Neurofibromatosis Type 1 (NF1) ranks among the most common rare disorders, with an incidence of ~1:2500. It is caused by pathogenic variants in the NF1 gene, with its hallmark feature being the development of neurofibromas – tumors originating from nerve sheaths. This tumor formation is closely linked to the inactivation of both NF1 alleles, which designates NF1 as a tumor suppressor gene. The consequences of NF1 loss extend across a wide spectrum of cell types and tissues, exhibiting significant variability among patients, even within the same family. Despite the discovery of the NF1 gene more than 30 years ago, our understanding of the function of its product, neurofibromin, remains incomplete. Presently, only one therapeutic option is available for the treatment of plexiform tumors, leaving a pressing need for additional therapies spanning various indications.

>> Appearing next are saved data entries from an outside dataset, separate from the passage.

(* Let $k\ge 1$ and let $P_{4k}$ be the path with vertices labeled $1,2,\dots,4k$ consecutively along the path. For $v\in\{1,\dots,4k\}$, $$TDV(v)=\begin{cases}0 & \text{if } v\equiv 0,1 \pmod 4,\\ 1 & \text{if } v\equiv 2,3 \pmod 4.\end{cases}$$
   Context: A set $D \subseteq V(G)$ is a total dominating set of a graph $G$ if every vertex of $G$ has a neighbor in $D$. $\gamma_t(G)$ is the minimum cardinality of a total dominating set; a minimum one is a $\gamma_t(G)$-set. $TDV(v)$ is the number of $\gamma_t(P_{4k})$-sets containing $v$. *)

From mathcomp Require Import all_boot.
Set Implicit Arguments. Unset Strict Implicit. Unset Printing Implicit Defensive.

(* The path P_n on vertex type 'I_n; ordinal i stands for the vertex labeled i+1. *)
Definition path_adj (n : nat) (i j : 'I_n) : bool :=
  (i.+1 == j :> nat) || (j.+1 == i :> nat).

Definition total_dominating (n : nat) (D : {set 'I_n}) : bool :=
  [forall v : 'I_n, [exists u in D, path_adj v u]].

Definition gamma_t_set (n : nat) (D : {set 'I_n}) : bool :=
  total_dominating D &&
  [forall E : {set 'I_n}, total_dominating E ==> (#|D| <= #|E|)].

Definition TDV (n : nat) (v : 'I_n) : nat :=
  #|[set D : {set 'I_n} | gamma_t_set D && (v \in D)]|.

From mathcomp Require Import all_boot zify.
Set Implicit Arguments. Unset Strict Implicit. Unset Printing Implicit Defensive.

(* Cut the path (vertices 0, ..., 4k-1) into the blocks {4j, ..., 4j+3}.  The
   two middle vertices of a block have all their neighbours inside the block,
   so every total dominating set meets each block in at least one vertex of
   {4j, 4j+2} and one of {4j+1, 4j+3}; hence gamma_t(P_4k) = 2k, and a minimum
   set takes exactly one vertex from each pair.  If 4j were chosen, 4j+2 is
   not, so 4j+3 must be dominated by 4j+4, which propagates past the end of the
   path; symmetrically 4j+3 propagates down to block 0, leaving vertex 0
   undominated.  So {4j+1, 4j+2 | j < k} is the unique minimum set and TDV is
   its indicator function. *)

Definition nat_adj (v u : nat) : bool := (v.+1 == u) || (u.+1 == v).

Section NatView.
Variable n : nat.
Implicit Type E : {set 'I_n}.

Definition nat_mem E (m : nat) : bool := [exists x in E, x == m :> nat].

Lemma nat_memE E (x : 'I_n) : nat_mem E x = (x \in E).
Proof.
apply/existsP/idP => [[y /andP[yE /eqP/val_inj <-]] //|xE].
by exists x; rewrite xE eqxx.
Qed.

Lemma nat_mem_lt E m : nat_mem E m -> m < n.
Proof. by case/existsP=> y /andP[_ /eqP <-]. Qed.

Lemma total_dominatingP E :
  reflect (forall v, v < n -> exists2 u, nat_mem E u & nat_adj v u)
          (total_dominating E).
Proof.
apply: (iffP forallP) => [dom v ltvn | dom v].
  have /existsP[u /andP[uE adj]] := dom (Ordinal ltvn).
  by exists u; rewrite ?nat_memE.
have [m /existsP[u /andP[uE /eqP um]] adj] := dom v (ltn_ord v).
by apply/existsP; exists u; rewrite uE /path_adj um.
Qed.

Lemma card_nat_mem E : #|E| = \sum_(0 <= m < n) nat_mem E m.
Proof.
rewrite big_mkord -sum1_card big_mkcond /=.
by apply: eq_bigr => x _; rewrite nat_memE; case: (x \in E).
Qed.

End NatView.

Lemma sum_nat_blocks (b k : nat) (f : nat -> nat) :
  \sum_(0 <= m < b * k) f m = \sum_(j < k) \sum_(0 <= r < b) f (b * j + r).
Proof.
elim: k => [|k IHk]; first by rewrite muln0 big_geq ?big_ord0.
rewrite big_ord_recr /= -IHk mulnS addnC (@big_cat_nat _ _ _ (b * k)) ?leq_addr //.
congr (_ + _); rewrite -{1}[b * k]add0n big_addn addKn.
by apply: eq_bigr => r _; rewrite addnC.
Qed.

Section Blocks.
Variables (k : nat) (e : nat -> bool).
Hypothesis e_lt : forall m, e m -> m < 4 * k.
Hypothesis e_dom : forall v, v < 4 * k -> exists2 u, e u & nat_adj v u.

Lemma dom_pred_succ v : v < 4 * k -> (0 < v) && e v.-1 || e v.+1.
Proof.
move=> /e_dom[u eu /orP[] /eqP uv]; first by rewrite uv eu orbT.
by rewrite -uv eu.
Qed.

Lemma block4E j :
  \sum_(0 <= r < 4) e (4 * j + r) = e (4 * j) + e (4 * j + 1) + e (4 * j + 2) + e (4 * j + 3).
Proof. by rewrite !big_nat_recr //= big_geq // addn0 add0n. Qed.

Lemma block_halves j : j < k ->
  0 < e (4 * j) + e (4 * j + 2) /\ 0 < e (4 * j + 1) + e (4 * j + 3).
Proof.
move=> ltjk; have := @dom_pred_succ (4 * j + 1); have := @dom_pred_succ (4 * j + 2).
have -> : (4 * j + 1).-1 = 4 * j by lia.
have -> : (4 * j + 2).-1 = 4 * j + 1 by lia.
have -> : (4 * j + 1).+1 = 4 * j + 2 by lia.
have -> : (4 * j + 2).+1 = 4 * j + 3 by lia.
move=> /(_ ltac:(lia)) + /(_ ltac:(lia)); lia.
Qed.

Lemma block_ge2 j : j < k -> 2 <= \sum_(0 <= r < 4) e (4 * j + r).
Proof. by move=> /block_halves; rewrite block4E; lia. Qed.

Hypothesis block_eq2 : forall j, j < k -> \sum_(0 <= r < 4) e (4 * j + r) = 2.

Lemma block_halves_eq1 j : j < k ->
  e (4 * j) + e (4 * j + 2) = 1 /\ e (4 * j + 1) + e (4 * j + 3) = 1.
Proof. by move=> ltjk; have := block_eq2 ltjk; have := block_halves ltjk; rewrite block4E; lia. Qed.

(* A vertex 4j in e leaves 4j+3 to be dominated from the right. *)
Lemma block_first_shift j : e (4 * j) -> e (4 * j.+1).
Proof.
move=> ej; have ltjk : j < k by have := e_lt ej; lia.
have [+ _] := block_halves_eq1 ltjk; rewrite ej => e2.
have := @dom_pred_succ (4 * j + 3) ltac:(lia).
have -> : (4 * j + 3).-1 = 4 * j + 2 by lia.
have -> : (4 * j + 3).+1 = 4 * j.+1 by lia.
by move: e2; case: (e (4 * j + 2)); rewrite ?andbT ?andbF.
Qed.

Lemma block_first_notin j : ~~ e (4 * j).
Proof.
apply/negP => ej; have shift d : e (4 * (j + d)).
  by elim: d => [|d IHd]; rewrite ?addn0 ?addnS ?(block_first_shift IHd).
by have /e_lt := shift k; lia.
Qed.

(* A vertex 4j+7 in e leaves 4j+4 to be dominated from the left. *)
Lemma block_last_shift j : e (4 * j.+1 + 3) -> e (4 * j + 3).
Proof.
move=> ej; have ltjk : j.+1 < k by have := e_lt ej; lia.
have [_ +] := block_halves_eq1 ltjk; rewrite ej => e1.
have := @dom_pred_succ (4 * j.+1) ltac:(lia).
have -> : (4 * j.+1).-1 = 4 * j + 3 by lia.
have -> : (4 * j.+1).+1 = 4 * j.+1 + 1 by lia.
by move: e1; case: (e (4 * j.+1 + 1)) => // _; rewrite orbF => /andP[].
Qed.

Lemma block_last_notin j : ~~ e (4 * j + 3).
Proof.
elim: j => [|j IHj]; last by apply: contra IHj; apply: block_last_shift.
apply/negP => e3; have ltk : 0 < k by have := e_lt e3; lia.
have [_] := block_halves_eq1 ltk; have := @dom_pred_succ 0 ltac:(lia).
by rewrite e3 /= => ->.
Qed.

Lemma tight_block_memE j r : j < k -> r < 4 -> e (4 * j + r) = (r == 1) || (r == 2).
Proof.
move=> ltjk ltr4; have [] := block_halves_eq1 ltjk.
move: (block_first_notin j) (block_last_notin j) => /negbTE e0 /negbTE e3.
rewrite e0 e3 addn0 => e2 e1.
case: r ltr4 => [|[|[|[|r]]]] //= _; rewrite ?addn0 //.
- by case: (e _) e1.
- by case: (e _) e2.
Qed.

Lemma tight_memE m : e m = (m < 4 * k) && ((m %% 4 == 1) || (m %% 4 == 2)).
Proof.
have [ltmk | lekm] := ltnP m (4 * k); last by apply/negbTE/negP => /e_lt; lia.
by rewrite {1}(divn_eq m 4) mulnC tight_block_memE ?ltn_mod //; lia.
Qed.

End Blocks.

Lemma TDV_unique_gamma_t_set n (D0 : {set 'I_n}) (v : 'I_n) :
  (forall D, gamma_t_set D = (D == D0)) -> TDV v = (v \in D0).
Proof.
move=> gammaE; rewrite /TDV.
have -> : [set D | gamma_t_set D && (v \in D)] = if v \in D0 then [set D0] else set0.
  apply/setP => D; rewrite inE gammaE.
  by case: eqP => [->|neD]; case: ifP => _; rewrite ?inE //; apply/esym/eqP.
by case: ifP; rewrite ?cards1 ?cards0.
Qed.

Section PathP4k.
Variable k : nat.

(* In the labels 1, ..., 4k of the statement: the vertices congruent to 2, 3 mod 4. *)
Definition mid_block_set : {set 'I_(4 * k)} :=
  [set x : 'I_(4 * k) | (x %% 4 == 1) || (x %% 4 == 2)].

Lemma nat_mem_mid_block m :
  nat_mem mid_block_set m = (m < 4 * k) && ((m %% 4 == 1) || (m %% 4 == 2)).
Proof.
have [ltmk | lekm] := ltnP m (4 * k); last by apply/negbTE/negP => /nat_mem_lt; lia.
by rewrite (nat_memE _ (Ordinal ltmk)) inE.
Qed.

Lemma mid_block_total_dominating : total_dominating mid_block_set.
Proof.
apply/total_dominatingP => v ltvk.
have [lo | hi] := boolP ((v %% 4 == 0) || (v %% 4 == 1)).
- by exists v.+1; [rewrite nat_mem_mid_block; lia | rewrite /nat_adj eqxx].
- by exists v.-1; [rewrite nat_mem_mid_block | rewrite /nat_adj]; lia.
Qed.

Lemma card_blocks (E : {set 'I_(4 * k)}) :
  #|E| = \sum_(j < k) \sum_(0 <= r < 4) nat_mem E (4 * j + r).
Proof. by rewrite card_nat_mem sum_nat_blocks. Qed.

Lemma card_mid_block_set : #|mid_block_set| = 2 * k.
Proof.
rewrite card_blocks (eq_bigr (fun=> 2)) ?sum_nat_const ?card_ord 1?mulnC // => j _.
rewrite block4E !nat_mem_mid_block ![4 * j]mulnC modnMl !modnMDl /= !andbF !andbT.
have := ltn_ord j; lia.
Qed.

Lemma total_dominating_card_leqif (E : {set 'I_(4 * k)}) : total_dominating E ->
  2 * k <= #|E| ?= iff [forall j : 'I_k, \sum_(0 <= r < 4) nat_mem E (4 * j + r) == 2].
Proof.
move=> /total_dominatingP dom; rewrite card_blocks.
have -> : 2 * k = \sum_(j < k) 2 by rewrite sum_nat_const card_ord mulnC.
apply: leqif_sum => j _; rewrite -[eqn _ _]/(_ == 2) eq_sym; apply: leqif_eq.
exact: (block_ge2 dom (ltn_ord j)).
Qed.

Lemma gamma_t_setE (E : {set 'I_(4 * k)}) : gamma_t_set E = (E == mid_block_set).
Proof.
apply/andP/eqP => [[tdE /forallP minE] | ->]; last first.
  split; first exact: mid_block_total_dominating.
  apply/forallP => F; apply/implyP => /total_dominating_card_leqif[].
  by rewrite card_mid_block_set.
have [le2E eqC] := total_dominating_card_leqif tdE.
have /forallP tight : [forall j : 'I_k, \sum_(0 <= r < 4) nat_mem E (4 * j + r) == 2].
  rewrite -eqC eqn_leq le2E -card_mid_block_set.
  exact: implyP (minE _) mid_block_total_dominating.
apply/setP => x; rewrite -nat_memE inE.
rewrite (tight_memE (@nat_mem_lt _ E) (elimT (total_dominatingP E) tdE)) ?ltn_ord //.
by move=> j ltjk; apply/eqP/(tight (Ordinal ltjk)).
Qed.

End PathP4k.

Theorem corollary5p2 (k : nat) (hk : 1 <= k) (i : 'I_(4 * k)) :
  let v := i.+1 in
  TDV i = (if (v %% 4 == 0) || (v %% 4 == 1) then 0 else 1).
Proof.
rewrite /= (TDV_unique_gamma_t_set i (@gamma_t_setE k)) inE.
by case: ifP; lia.
Qed.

This Special Issue is focused on exploring molecular genetics and the development of therapeutics for NF1. We anticipate a diverse range of articles, including the following topics: 

● Molecular basis of phenotypes (including non-tumor phenotypes); 

● Molecular genetics;

● Structure/function;

● Genotype-phenotype correlations;

● Tumor microenvironment;

● Omics studies;

● Protein interactors; 

● Functions outside of Ras;

● Preclinical models including cell lines and animals (mouse, rat, pig, non-human primate) or organoids;

● Preclinical and clinical studies;

● Development of novel treatments for tumor and non-tumor manifestations.